WHAT YOU ARE ASKED TO DO:
Find the lines of the material below that include the string "maxsetp", then copy each one.

THE DATA:
(* Let $(\lambda,\mu,\mu')$ be an admissible triplet with associated weights $\mu^*,\mu'^*$. Then $(\lambda,\mu,\mu')$ is of type 0, i.e. $\langle\lambda+\mu'^*,\alpha_n^\vee\rangle=\lambda_{n-1}+\lambda_n+\mu'^*_{n-1}+\mu'^*_n\ge0$, if and only if the triplet $(\lambda,\mu'^*,\mu^* )$ is admissible.
   Context: Type $D_n$ weights are $(\lambda_1,\dots,\lambda_n)$; $\langle\lambda,\alpha_j^\vee\rangle=\lambda_j-\lambda_{j+1}$ for $j<n$ and $\langle\lambda,\alpha_n^\vee\rangle=\lambda_{n-1}+\lambda_n$; $P_+=\{\lambda_j\in\frac12\mathbb Z,\lambda_j-\lambda_k\in\mathbb Z,\lambda_1\ge\dots\ge\lambda_n,\lambda_{n-1}+\lambda_n\ge0\}$; $P[S]=\{(\pm\frac12,\dots,\pm\frac12)\}$. For $k\ge0$, $\Delta^k$ is the set of sums $\mu_1+\dots+\mu_k$ over tuples $(\mu_1,\dots,\mu_k)\in P[S]^k$ all of whose partial sums lie in $P_+$ ($\Delta^0=\{0\}$). A triplet $(\lambda,\mu,\mu')$ is admissible if $\lambda\in\Delta^k$ for some $k\ge0$, $\mu,\mu'\in P[S]$, and $\lambda+\mu,\ \lambda+\mu+\mu'\in P_+$. A free interval of the triplet is a subset $\mathrm{Fr}\subset\{1,\dots,n\}$, maximal with respect to inclusion, such that $\lambda_j$ is constant on $\mathrm{Fr}$ and $\mu_j\mu'_j<0$ for all $j\in\mathrm{Fr}$. The weights $\mu^*,\mu'^*$: outside free intervals they agree with $\mu,\mu'$; on each free interval $\mathrm{Fr}$, with $b$ the number of $j\in\mathrm{Fr}$ with $\mu'_j=+\frac12$, $\mu'^*_j=+\frac12$ on the $b$ smallest elements of $\mathrm{Fr}$ and $-\frac12$ on the rest, and $\mu^*_j=-\mu'^*_j$ on $\mathrm{Fr}$. *)

From HB Require Import structures.
From mathcomp Require Import all_boot all_order all_algebra.
Set Implicit Arguments. Unset Strict Implicit. Unset Printing Implicit Defensive.
Import Order.TTheory GRing.Theory Num.Theory.
Local Open Scope ring_scope.

(* A weight (lambda_1, ..., lambda_n); the paper's index j (1 <= j <= n)
   corresponds to the ordinal j-1 : 'I_n. *)
Definition weight (n : nat) := {ffun 'I_n -> rat}.

(* 1-based coordinate access: coord l j = lambda_j for 1 <= j <= n (0 otherwise). *)
Definition coord {n : nat} (l : weight n) (j : nat) : rat :=
  if j is j'.+1 then (if insub j' is Some i then l i else 0) else 0.

Definition pair_alpha_n {n : nat} (l : weight n) : rat :=
  coord l n.-1 + coord l n.

Definition is_int (x : rat) : Prop := exists z : int, x = z%:~R.

Definition dominant {n : nat} (l : weight n) : Prop :=
  (forall j : 'I_n, is_int (2 * l j)) /\
  (forall j k : 'I_n, is_int (l j - l k)) /\
  (forall j k : 'I_n, (j <= k)%N -> l k <= l j) /\
  0 <= pair_alpha_n l.

Definition spin {n : nat} (m : weight n) : Prop :=
  forall j : 'I_n, m j = 1/2 \/ m j = - (1/2).

Definition inDelta {n : nat} (k : nat) (l : weight n) : Prop :=
  exists ms : seq (weight n),
    [/\ size ms = k,
        (forall m, m \in ms -> spin m),
        (forall i, (1 <= i <= k)%N -> dominant (\sum_(m <- take i ms) m))
      & l = \sum_(m <- ms) m].

Definition admissible {n : nat} (l m m' : weight n) : Prop :=
  [/\ exists k, inDelta k l, spin m, spin m', dominant (l + m) & dominant (l + m + m')].

Definition free_prop {n : nat} (l m m' : weight n) (F : {set 'I_n}) : bool :=
  [forall j in F, forall k in F, l j == l k] && [forall j in F, m j * m' j < 0].

Definition free_interval {n : nat} (l m m' : weight n) (F : {set 'I_n}) : bool :=
  maxset (free_prop l m m') F.

Definition mu'star {n : nat} (l m m' : weight n) : weight n :=
  [ffun j => match [pick F | free_interval l m m' F & j \in F] with
             | Some F =>
                 if (#|[set k in F | (k < j)%N]| < #|[set k in F | m' k == 1/2]|)%N
                 then 1/2 else - (1/2)
             | None => m' j
             end].

Definition mustar {n : nat} (l m m' : weight n) : weight n :=
  [ffun j => match [pick F | free_interval l m m' F & j \in F] with
             | Some _ => - mu'star l m m' j
             | None => m j
             end].

From Pilot Require Import Defs.
From mathcomp Require Import all_boot all_order all_algebra.
From mathcomp Require Import ring lra.
Set Implicit Arguments. Unset Strict Implicit. Unset Printing Implicit Defensive.
Import Order.TTheory GRing.Theory Num.Theory.
Local Open Scope ring_scope.

(* Only dominance of [l + mu'^*] is at stake: [mu'^* + mu^* = mu + mu'], so the
   second dominance condition is inherited, and [mu'^* - mu] is integral, so the
   integrality conditions are inherited from [l + mu].  Monotonicity of [l + mu'^*]
   follows from that of [l + mu] and [l + mu + mu'] because [mu'^*] only reorders
   the signs of [mu'] inside each free interval (putting the [+1/2] first), while
   outside free intervals [mu = mu'].  What remains is exactly the type-0
   inequality [<l + mu'^*, alpha_n^vee> >= 0]. *)

Definition pm_half (x : rat) : Prop := x = 1/2 \/ x = - (1/2).

Lemma pm_half_mul_lt0 x y : pm_half x -> pm_half y -> x * y < 0 -> x = - y.
Proof. by move=> [->|->] [->|->]; lra. Qed.

Lemma pm_half_mul_ge0 x y : pm_half x -> pm_half y -> 0 <= x * y -> x = y.
Proof. by move=> [->|->] [->|->]; lra. Qed.

Lemma is_intD x y : is_int x -> is_int y -> is_int (x + y).
Proof. by move=> [a ->] [b ->]; exists (a + b); rewrite intrD. Qed.

Lemma is_int_pm_halfB x y : pm_half x -> pm_half y -> is_int (x - y).
Proof.
by move=> [->|->] [->|->]; [exists 0 | exists 1 | exists (-1) | exists 0]; apply/eqP.
Qed.

Lemma is_int_gt0_ge1 x : is_int x -> 0 < x -> 1 <= x.
Proof. by move=> [z ->]; rewrite ltr0z ler1z. Qed.

Lemma weightDE n (f g : weight n) j : (f + g) j = f j + g j.
Proof. by rewrite ffunE. Qed.

Lemma dominant_le n (l : weight n) (j k : 'I_n) :
  dominant l -> (j <= k)%N -> l k <= l j.
Proof. by case=> _ [_ [mono _]]; apply: mono. Qed.

Lemma coord_weight0 n j : Defs.coord (0 : weight n) j = 0.
Proof. by case: j => [|j] //=; case: insub => [i|]; rewrite ?ffunE. Qed.

Lemma dominant0 n : dominant (0 : weight n).
Proof.
split; [|split; [|split]] => [j|j k|j k _|]; rewrite ?ffunE.
- by exists 0; rewrite mulr0.
- by exists 0; rewrite subrr.
- by [].
- by rewrite /pair_alpha_n !coord_weight0 addr0.
Qed.

Lemma inDelta_dominant n k (l : weight n) : inDelta k l -> dominant l.
Proof.
case=> ms [<- _ dom_prefix ->]; case: ms dom_prefix => [|m ms] dom_prefix.
  by rewrite big_nil; apply: dominant0.
by rewrite -(take_size (m :: ms)); apply: dom_prefix; rewrite leqnn.
Qed.

Lemma dominant_spin_change n (l m1 m2 : weight n) :
  spin m1 -> spin m2 -> dominant (l + m1) ->
  (forall j k : 'I_n, (j <= k)%N -> (l + m2) k <= (l + m2) j) ->
  0 <= pair_alpha_n (l + m2) -> dominant (l + m2).
Proof.
move=> sp1 sp2 [int2 [int_diff _]] mono pair_ge0.
split; [|split; [|split]] => // [j|j k]; rewrite !weightDE.
- have := int2 j; rewrite weightDE => int_lm1.
  have d := is_int_pm_halfB (sp2 j) (sp1 j).
  have -> : 2 * (l j + m2 j) = 2 * (l j + m1 j) + ((m2 j - m1 j) + (m2 j - m1 j))
    by ring.
  by apply: is_intD => //; apply: is_intD.
- have := int_diff j k; rewrite !weightDE => int_lm1.
  have dj := is_int_pm_halfB (sp2 j) (sp1 j).
  have dk := is_int_pm_halfB (sp1 k) (sp2 k).
  have -> : l j + m2 j - (l k + m2 k)
    = (l j + m1 j - (l k + m1 k)) + ((m2 j - m1 j) + (m1 k - m2 k)) by ring.
  by apply: is_intD => //; apply: is_intD.
Qed.

Section FreeIntervals.

Variables (n : nat) (l m m' : weight n).

Lemma free_propP (F : {set 'I_n}) :
  reflect ((forall j k, j \in F -> k \in F -> l j = l k) /\
           (forall j, j \in F -> m j * m' j < 0)) (free_prop l m m' F).
Proof.
apply: (iffP andP) => [[/forall_inP lF /forall_inP negF]|[lF negF]]; split.
- by move=> j k jF kF; apply/eqP/(forall_inP (lF j jF)).
- exact: negF.
- by apply/forall_inP => j jF; apply/forall_inP => k kF; apply/eqP/lF.
- exact/forall_inP.
Qed.

Lemma free_interval_mul_lt0 F j :
  free_interval l m m' F -> j \in F -> m j * m' j < 0.
Proof. by move=> /maxsetp /free_propP [_]; apply. Qed.

Lemma free_propU A B a b :
  free_prop l m m' A -> free_prop l m m' B -> a \in A -> b \in B -> l a = l b ->
  free_prop l m m' (A :|: B).
Proof.
move=> /free_propP[lA negA] /free_propP[lB negB] aA bB lab.
apply/free_propP; split=> [j k|j]; rewrite !inE.
- case/orP=> [jA|jB] /orP[kA|kB].
  + exact: lA.
  + by rewrite (lA j a) // lab; apply: lB.
  + by rewrite (lB j b) // -lab; apply: lA.
  + exact: lB.
- by case/orP; [apply: negA | apply: negB].
Qed.

Lemma free_interval_eq A B a b :
  free_interval l m m' A -> free_interval l m m' B ->
  a \in A -> b \in B -> l a = l b -> A = B.
Proof.
move=> maxA maxB aA bB lab.
have freeAB := free_propU (maxsetp maxA) (maxsetp maxB) aA bB lab.
rewrite -[LHS](maxsetsup maxA freeAB (subsetUl A B)).
exact: (maxsetsup maxB freeAB (subsetUr A B)).
Qed.

Lemma exists_free_interval j :
  m j * m' j < 0 -> exists2 F, free_interval l m m' F & j \in F.
Proof.
move=> neg_j.
have free_j : free_prop l m m' [set j].
  by apply/free_propP; split=> [a b|a]; rewrite !inE => /eqP-> //; move/eqP->.
have [F maxF sub_jF] := maxset_exists free_j.
by exists F => //; apply: (subsetP sub_jF); rewrite inE.
Qed.

Lemma mu'star_in F j : free_interval l m m' F -> j \in F ->
  mu'star l m m' j =
  if (#|[set k in F | (k < j)%N]| < #|[set k in F | m' k == 1/2]|)%N
  then 1/2 else - (1/2).
Proof.
move=> maxF jF; rewrite ffunE; case: pickP => [G /andP[maxG jG]|none].
  by rewrite (free_interval_eq maxG maxF jG jF).
by have := none F; rewrite maxF jF.
Qed.

Lemma mu'star_out j : 0 <= m j * m' j -> mu'star l m m' j = m' j.
Proof.
rewrite ffunE; case: pickP => [F /andP[maxF jF]|//].
by rewrite leNgt (free_interval_mul_lt0 maxF jF).
Qed.

Lemma mustar_in F j : free_interval l m m' F -> j \in F ->
  mustar l m m' j = - mu'star l m m' j.
Proof.
move=> maxF jF; rewrite [LHS]ffunE; case: pickP => // none.
by have := none F; rewrite maxF jF.
Qed.

Lemma mustar_out j : 0 <= m j * m' j -> mustar l m m' j = m j.
Proof.
rewrite ffunE; case: pickP => [F /andP[maxF jF]|//].
by rewrite leNgt (free_interval_mul_lt0 maxF jF).
Qed.

Lemma spin_mu'star : spin m' -> spin (mu'star l m m').
Proof.
move=> sp' j; rewrite ffunE; case: pickP => [F _|_]; last exact: sp'.
by case: ifP => _; [left|right].
Qed.

Lemma spin_mustar : spin m -> spin m' -> spin (mustar l m m').
Proof.
move=> sp sp' j; rewrite ffunE; case: pickP => [F _|_]; last exact: sp.
by case: (spin_mu'star sp' j) => ->; [right|left]; rewrite ?opprK.
Qed.

Lemma mu'star_add_mustar :
  spin m -> spin m' -> mu'star l m m' + mustar l m m' = m + m'.
Proof.
move=> sp sp'; apply/ffunP => j; rewrite !weightDE.
case: (ltP (m j * m' j) 0) => [neg_j|nneg_j].
  have [F maxF jF] := exists_free_interval neg_j.
  by rewrite (mustar_in maxF jF) (pm_half_mul_lt0 (sp j) (sp' j) neg_j) subrr addNr.
by rewrite mu'star_out // mustar_out // addrC.
Qed.

Lemma mu'star_free_interval_mono F (j k : 'I_n) :
  free_interval l m m' F -> j \in F -> k \in F -> (j <= k)%N ->
  mu'star l m m' k <= mu'star l m m' j.
Proof.
move=> maxF jF kF jk; rewrite !(mu'star_in maxF) //.
set c := #|[set x in F | m' x == 1/2]|.
have lt_k_j : (#|[set x in F | (x < k)%N]| < c)%N ->
              (#|[set x in F | (x < j)%N]| < c)%N.
  apply: leq_ltn_trans; apply/subset_leq_card/subsetP => x.
  by rewrite !inE => /andP[-> xj]; apply: leq_trans xj jk.
by case: ifP => [/lt_k_j -> | _]; [|case: ifP]; lra.
Qed.

Lemma mu'star_level_mono (j k : 'I_n) :
  spin m -> spin m' -> (j <= k)%N -> l j = l k ->
  m k <= m j -> m k + m' k <= m j + m' j ->
  mu'star l m m' k <= mu'star l m m' j.
Proof.
move=> sp sp' jk ljk mkj mm'kj.
move: (sp j) (sp' j) (sp k) (sp' k) => spj spj' spk spk'.
have [sj sk] := (spin_mu'star sp' j, spin_mu'star sp' k).
case: (ltP (m j * m' j) 0) => [neg_j|nneg_j];
  case: (ltP (m k * m' k) 0) => [neg_k|nneg_k].
- have [F maxF jF] := exists_free_interval neg_j.
  have [G maxG kG] := exists_free_interval neg_k.
  have eqFG := free_interval_eq maxF maxG jF kG ljk.
  rewrite -{}eqFG in kG.
  exact: mu'star_free_interval_mono maxF jF kG jk.
- have mj := pm_half_mul_lt0 spj spj' neg_j.
  have mk := pm_half_mul_ge0 spk spk' nneg_k.
  rewrite (mu'star_out nneg_k).
  by case: sj => ->; case: spj => ?; case: spj' => ?; case: spk' => ?; lra.
- have mj := pm_half_mul_ge0 spj spj' nneg_j.
  have mk := pm_half_mul_lt0 spk spk' neg_k.
  rewrite (mu'star_out nneg_j).
  by case: sk => ->; case: spj' => ?; case: spk => ?; case: spk' => ?; lra.
- have mj := pm_half_mul_ge0 spj spj' nneg_j.
  have mk := pm_half_mul_ge0 spk spk' nneg_k.
  by rewrite !mu'star_out //; lra.
Qed.

End FreeIntervals.

Lemma admissible_mu'star_mono n (l m m' : weight n) (j k : 'I_n) :
  admissible l m m' -> (j <= k)%N ->
  (l + mu'star l m m') k <= (l + mu'star l m m') j.
Proof.
case=> [[kk /inDelta_dominant dom_l] sp sp' dom_lm dom_lmm'] jk.
rewrite !weightDE.
have lkj := dominant_le dom_l jk.
have := dominant_le dom_lm jk; have := dominant_le dom_lmm' jk.
rewrite !weightDE => lmm'kj lmkj.
have int_ljk : is_int (l j - l k).
  have [_ [int_diff _]] := dom_lm; have := int_diff j k; rewrite !weightDE => ?.
  have -> : l j - l k = (l j + m j - (l k + m k)) + (m k - m j) by ring.
  by apply: is_intD => //; apply: is_int_pm_halfB.
have [ljk|ljk] := eqVneq (l j) (l k).
  by rewrite ljk lerD2l; apply: mu'star_level_mono => //; lra.
have : 1 <= l j - l k.
  by apply: is_int_gt0_ge1; rewrite // subr_gt0 lt_neqAle eq_sym ljk lkj.
have [sj sk] := (spin_mu'star l m sp' j, spin_mu'star l m sp' k).
by case: sj => ->; case: sk => ->; lra.
Qed.

Theorem corollary6p1 (n : nat) (hn : (2 <= n)%N) (l m m' : weight n) :
  admissible l m m' ->
  (0 <= pair_alpha_n (l + mu'star l m m')
   <-> admissible l (mu'star l m m') (mustar l m m')).
Proof.
move=> adm; have [inD sp sp' dom_lm dom_lmm'] := adm.
split; last by case=> _ _ _ [_ [_ [_ pair_ge0]]].
move=> pair_ge0; split=> //.
- exact: spin_mu'star.
- exact: spin_mustar.
- apply: (dominant_spin_change sp (spin_mu'star l m sp') dom_lm _ pair_ge0).
  by move=> j k; apply: admissible_mu'star_mono.
- by rewrite -addrA mu'star_add_mustar // addrA.
Qed.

EXPECTED ANSWER:
Proof. by move=> /maxsetp /free_propP [_]; apply. Qed.
have freeAB := free_propU (maxsetp maxA) (maxsetp maxB) aA bB lab.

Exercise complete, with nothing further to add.